Появились министры. Высохшему, замученному болезнями Талассию было трудно тащиться вместе с остальными, но возможность этого шествия была подготовлена им, и старик не хотел пропустить великий день своего торжества. Затем, отдельно, немного в стороне от других, шел Клавдий Регин, серьезный, непривычно прямой. Да, ему действительно было нелегко. Насторожившись, жестким, злым и трезвым взглядом смотрел он вокруг себя и портил зрителям все удовольствие: напрасно искали они на его среднем пальце знаменитую жемчужину. Ремни его башмаков были туго затянуты.
А вот и музыка, много музыки. Сегодня все оркестры играли военные песни, чаще всего марш Пятого легиона, ставший очень быстро популярным:
Пятый все умеет…
Приближались несшие взятую в Иудее добычу, ту баснословную добычу, о которой шло столько разговоров. Люди были избалованы, пресыщены зрелищами, но, когда мимо них поплыло все это золото, серебро, слоновая кость, и не отдельные вещи, а целый поток, — всякая сдержанность исчезла. Зрители вытягивали шеи, смотрели через плечи находившихся впереди, женщины издавали короткие пронзительные вскрики удивления, желания. А мимо них бесконечной струей текло золото, серебро, благородные ткани, одежды, а потом опять золото, во всех видах: монеты, слитки, всякого рода сосуды. Затем военные доспехи, оружие, боевые повязки с начальными буквами девиза маккавеев, чистые, грязные, пропитанные кровью, в корзинах, в повозках, многие тысячи. Боевые знаки, знамена с массивными еврейскими и староарамейскими буквами, некогда созданными, чтобы возносить сердца, теперь же искусно сплетенные, чтобы развлекать пресыщенных зрителей. Проплывали передвижные подмостки, на которых воспроизводились кровопролитные батальные сцены, гигантские макеты, иные в четыре этажа, так что зрители испуганно отклонялись, когда они проплывали мимо, опасаясь, что такая штука может обрушиться, убить их. Корабли, разбитые в сражениях у Яффского побережья, отнятые у противника челноки из Магдалы. И снова золото. Неудивительно, что цена на золото падает — она теперь составляет половину его довоенной стоимости.

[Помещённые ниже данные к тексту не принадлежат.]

Lemma recoverable_diag_trace_ge0 m n (U : 'M[R]_(m, n)) (P : 'M[R]_n) (d : 'rV[R]_n) :
  P^T = P -> P *m P = P -> (P == U)%MS -> recoverable U ->
  diag_psd_on_ker P d -> 0 <= \sum_i d 0 i.
Proof.
move=> sP PP PU rec dker; rewrite leNgt; apply/negP => S_lt0.
(* t P + diag (d + e) is then feasible for X = t P, with a smaller trace. *)
set S := \sum_i d 0 i in S_lt0.
have n1_gt0 : 0 < n%:R + 1 :> R by rewrite ltr_wpDl ?ler0n.
pose e := - S / (n%:R + 1); have e0 : 0 < e by rewrite divr_gt0 // oppr_gt0.
have [t t_gt0 t_ge] := exists_pos_ub (fun i => d 0 i ^+ 2 / e - d 0 i).
have ptP : psdmx (t *: P) by apply: psdmxZ (ltW t_gt0) (psdmx_proj sP PP).
have tPU : ((t *: P)^T == U)%MS.
  rewrite linearZ /= sP; apply/eqmxP.
  by apply: eqmx_trans (eqmx_scale _ (lt0r_neq0 t_gt0)) _; apply/eqmxP.
have [[_ tP_opt] _] := rec 0 (t *: P) (mx0_is_diag _ _ _) ptP tPU.
set ev := d + const_mx e.
have feas : mtfa_feasible (0 + t *: P) (- diag_mx ev) (t *: P + diag_mx ev).
  have pL := psdmx_proj_add_diag sP PP dker e0 t_ge.
  split; first by rewrite /Defs.symmetricmx raddfN /= tr_diag_mx.
  split; first exact: psdmx_sym pL.
  split; first by rewrite add0r addrCA addNr addr0.
  by split=> //; rewrite -raddfN diag_mx_is_diag.
have := tP_opt _ _ feas; rewrite mxtraceD lerDl mxtrace_diag.
have -> : \sum_j ev 0 j = S / (n%:R + 1).
  under eq_bigr do rewrite !mxE.
  rewrite big_split /= sumr_const card_ord -mulr_natr -/S /e.
  by field; rewrite lt0r_neq0.
by rewrite pmulr_lge0 ?invr_gt0 // leNgt S_lt0.
Qed.

End RecoverableDual.

Local Open Scope classical_set_scope.

Section RealFunctionContinuity.
Context {T : topologicalType} {R : realType}.
Implicit Types f g : T -> R.

Lemma continuous_sub f g :
  continuous f -> continuous g -> continuous (fun x => f x - g x).
Proof. by move=> fc gc x; apply: cvgB; [exact: fc | exact: gc]. Qed.

Lemma continuous_mul f g :
  continuous f -> continuous g -> continuous (fun x => f x * g x).
Proof. by move=> fc gc x; apply: cvgM; [exact: fc | exact: gc]. Qed.

Lemma continuous_sum (I : Type) (r : seq I) (F : I -> T -> R) :
  (forall i, continuous (F i)) -> continuous (fun x => \sum_(i <- r) F i x).
Proof.
move=> Fc; elim: r => [|a r IHr].
  by under eq_fun do rewrite big_nil; exact: cst_continuous.
under eq_fun do rewrite big_cons.
by move=> x; apply: cvgD; [exact: Fc | exact: IHr].
Qed.

End RealFunctionContinuity.

Lemma closed_forall {T U : topologicalType} (I : Type) (F : I -> T -> U) (A : set U) :
  closed A -> (forall i, continuous (F i)) -> closed [set x | forall i, A (F i x)].
Proof.
move=> Acl Fcont.
have -> : [set x | forall i, A (F i x)] = \bigcap_(i in [set: I]) (F i @^-1` A).
  by apply/seteqP; split=> x /= Ax i; [move=> _|]; apply: Ax.
by apply: closed_bigI => i _; apply: preimage_closed => // x _; apply: Fcont.
Qed.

Но вот все стихает, идут чиновники государственного казначейства, в парадных одеждах, с лавровыми ветвями, — они сопровождают главные предметы добычи. Несомые солдатами золотые столы для хлебов предложения, гигантский семисвечник, девяносто три священных храмовых сосуда, свитки закона. Несущие высоко поднимают свитки, чтобы все видели закон Ягве, отобранный у него всеблагим, величайшим Юпитером римлян.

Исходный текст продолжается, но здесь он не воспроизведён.